County in Florida, United States

Hamilton County is a county located in the north central portion of the U.S. state of Florida. As of the 2020 census, the population was 14,004, down from 14,799 at the 2010 census. Its county seat is Jasper.

==History==
Hamilton County was created in 1827 from portions of Jefferson County. It was named for Alexander Hamilton, first United States Secretary of the Treasury.

==Geography==
According to the U.S. Census Bureau, the county has a total area of 519 sqmi, of which 514 sqmi is land and 5.3 sqmi (1.0%) is water. It is the only county in Florida entirely north of Interstate 10.

Hamilton County is the only county in Florida that is not connected to Florida by land. This is due to it being separated from neighboring Florida counties by river (the Suwannee and the Withlacoochee rivers). It does, however, touch Georgia via land.

===Adjacent counties===
- Echols County, Georgia - north
- Columbia County - east
- Suwannee County - south
- Madison County - west
- Lowndes County, Georgia - northwest

===Railroads===
The main railroad line through Hamilton County is the Norfolk Southern Railway's Navair District (originally the Georgia Southern and Florida Railway), which runs mostly in close proximity to US 41 from Lake City across a bridge over the Suwannee River and the Columbia-Hamilton County Line southeast of White Plains to the Florida-Georgia State Line northwest of Jennings. A former section of the Atlantic Coast Line Railroad's DuPont—Lakeland Line survives as a rail trail in Jasper.

==Demographics==

Historical population
| Census | Pop. | Note | %± |
| 1830 | 553 |  | — |
| 1840 | 1,464 |  | 164.7% |
| 1850 | 2,511 |  | 71.5% |
| 1860 | 4,154 |  | 65.4% |
| 1870 | 5,749 |  | 38.4% |
| 1880 | 6,790 |  | 18.1% |
| 1890 | 8,507 |  | 25.3% |
| 1900 | 11,881 |  | 39.7% |
| 1910 | 11,825 |  | −0.5% |
| 1920 | 9,873 |  | −16.5% |
| 1930 | 9,454 |  | −4.2% |
| 1940 | 9,778 |  | 3.4% |
| 1950 | 8,981 |  | −8.2% |
| 1960 | 7,705 |  | −14.2% |
| 1970 | 7,787 |  | 1.1% |
| 1980 | 8,761 |  | 12.5% |
| 1990 | 10,930 |  | 24.8% |
| 2000 | 13,327 |  | 21.9% |
| 2010 | 14,799 |  | 11.0% |
| 2020 | 14,004 |  | −5.4% |
| 2025 (est.) | 14,180 | Increase | 1.3% |
U.S. Decennial Census 1790-1960 1900-1990 1990-2000 2010-2019

===2020 census===
As of the 2020 census, the Hamilton County had a population of 14,004. There were 4,690 households and 3,072 families. The population density was 27.2 per square mile (10.5/km^{2}). There were 5,596 housing units at an average density of 10.9 per square mile (4.2/km^{2}).

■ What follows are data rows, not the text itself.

Lemma bchain_le b C : bchain b C -> {in C, forall p : T, p <= b}.
Proof.
case: C => // c C /andP [c_path Cb] p pC.
exact: le_trans (path_le_last c_path pC) Cb.
Qed.

Lemma antichain2 (b1 b2 : T) : ~~ (b1 >=< b2) -> antichain [set b1; b2].
Proof.
move=> b12 x y; rewrite !inE => /orP [] /eqP -> /orP [] /eqP -> // => [|].
- by rewrite (negbTE b12).
- by rewrite comparable_sym (negbTE b12).
Qed.

Lemma chain_in_mset_xvar (B : {set T}) n b C : antichain B -> b \in B -> bchain b C ->
  chain_in C (mmul n (mset B)) -> chain_in C (mmul n (xvar b)).
Proof.
move=> B_anti bB bC /forallP C_in; apply/forallP => p; move: (C_in p); rewrite !ffunE.
have [->|pb] := eqVneq p b; first by rewrite bB.
case: (boolP (p \in B)) => //= pB _; rewrite addn0 (count_memPn _) //.
by apply: contra pb => /(bchain_le bC) /le_comparable /(B_anti _ _ pB bB) ->.
Qed.

Lemma longest_bchain_power (B : {set T}) a b k : antichain B -> b \in B -> a <= b ->
  longest_bchain b (rcons (nseq k a) b) (mmul (seq_mono (nseq k a)) (mset B)).
Proof.
move=> B_anti bB ab.
have sorted_ab : sorted <=%O (rcons (nseq k a) b).
  by case: k => //= k; elim: k => /= [|k ->]; rewrite ?lexx ?ab.
split.
- by rewrite /bchain sorted_ab last_rcons lexx.
- apply/forallP => p; rewrite !ffunE -cats1 count_cat /= addn0 leq_add2l.
  by case: eqP => // <-; rewrite bB.
move=> C bC /(chain_in_mset_xvar B_anti bB bC) /mdvd_mdeg.
by rewrite mdeg_seq_mono mdeg_mmul mdeg_seq_mono mdeg_xvar size_rcons size_nseq addn1.
Qed.

Lemma goes_through_power (a b : T) k : a <= b -> goes_through a b (rcons (nseq k a) b).
Proof.
by move=> ab; rewrite /goes_through ab all_rcons all_nseq le_comparable // comparablexx orbT.
Qed.

Lemma P_stable_upset_chains e : (2 <= e)%N -> P_stable (maxpow (T := T) e) -> upset_chains T.
Proof.
move=> e2 e_stable a b1 b2 ab1 ab2; apply: contraT => b12.
have b1Nb2 : b1 != b2 by apply: contraNneq b12 => ->; rewrite comparablexx.
have e_k : e = (e - 2).+2 by rewrite -addn2 subnK.
pose n := seq_mono (nseq (e - 2) a).
have /maxpowE : maxpow e (mmul n (xvar a)).
  apply: e_stable (antichain2 b12) _ _.
    apply/maxpowE; rewrite mdeg_mmul mdeg_mset cards2 b1Nb2.
    by rewrite mdeg_seq_mono size_nseq addn2 -e_k.
  move=> b bB; have ab : a <= b by case/set2P: bB => ->.
  exists (rcons (nseq (e - 2) a) b).
  by split; [apply: longest_bchain_power (antichain2 b12) bB ab | apply: goes_through_power].
by rewrite mdeg_mmul mdeg_xvar mdeg_seq_mono size_nseq addn1 {1}e_k ltnn.
Qed.

Lemma upset_chains_P_stable e : upset_chains T -> P_stable (maxpow (T := T) e).
Proof.
move=> chainT n B a B_anti /maxpowE nB_e B_through; apply/maxpowE.
apply: leq_trans nB_e _; rewrite !mdeg_mmul mdeg_xvar mdeg_mset leq_add2l leqNgt.
apply/card_gt1P => -[x [y [xB yB]]]; apply/negP/negPn/eqP.
have [_ [_ /andP [ax _]]] := B_through x xB; have [_ [_ /andP [ay _]]] := B_through y yB.
exact: B_anti xB yB (chainT _ _ _ ax ay).
Qed.

End Stability.

Theorem proposition3p16 (disp : Order.disp_t) (T : finPOrderType disp) (e : nat) :
  (2 <= e)%N -> (P_stable (maxpow (T := T) e) <-> rooted_forest T).
Proof.
move=> e2; split=> [/(P_stable_upset_chains e2)|/rooted_forest_upset_chains].
  exact: upset_chains_rooted_forest.
exact: upset_chains_P_stable.
Qed.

The median age was 43.0 years; 19.1% of residents were under the age of 18, 7.0% were from 18 to 24, 26.4% were from 25 to 44, 28.6% were from 45 to 64, and 18.9% were 65 years of age or older. For every 100 females there were 136.2 males, and for every 100 females age 18 and over there were 143.2 males age 18 and over.

The racial makeup was 57.33% (8,028) white or European American (54.51% non-Hispanic white), 31.97% (4,477) black or African-American, 0.41% (58) Native American or Alaska Native, 0.31% (43) Asian, 0.0% (0) Pacific Islander or Native Hawaiian, 5.06% (709) from other races, and 4.92% (689) from two or more races. Hispanic or Latino of any race was 10.39% (1,455) of the population.

<0.1% of residents lived in urban areas, while 100.0% lived in rural areas.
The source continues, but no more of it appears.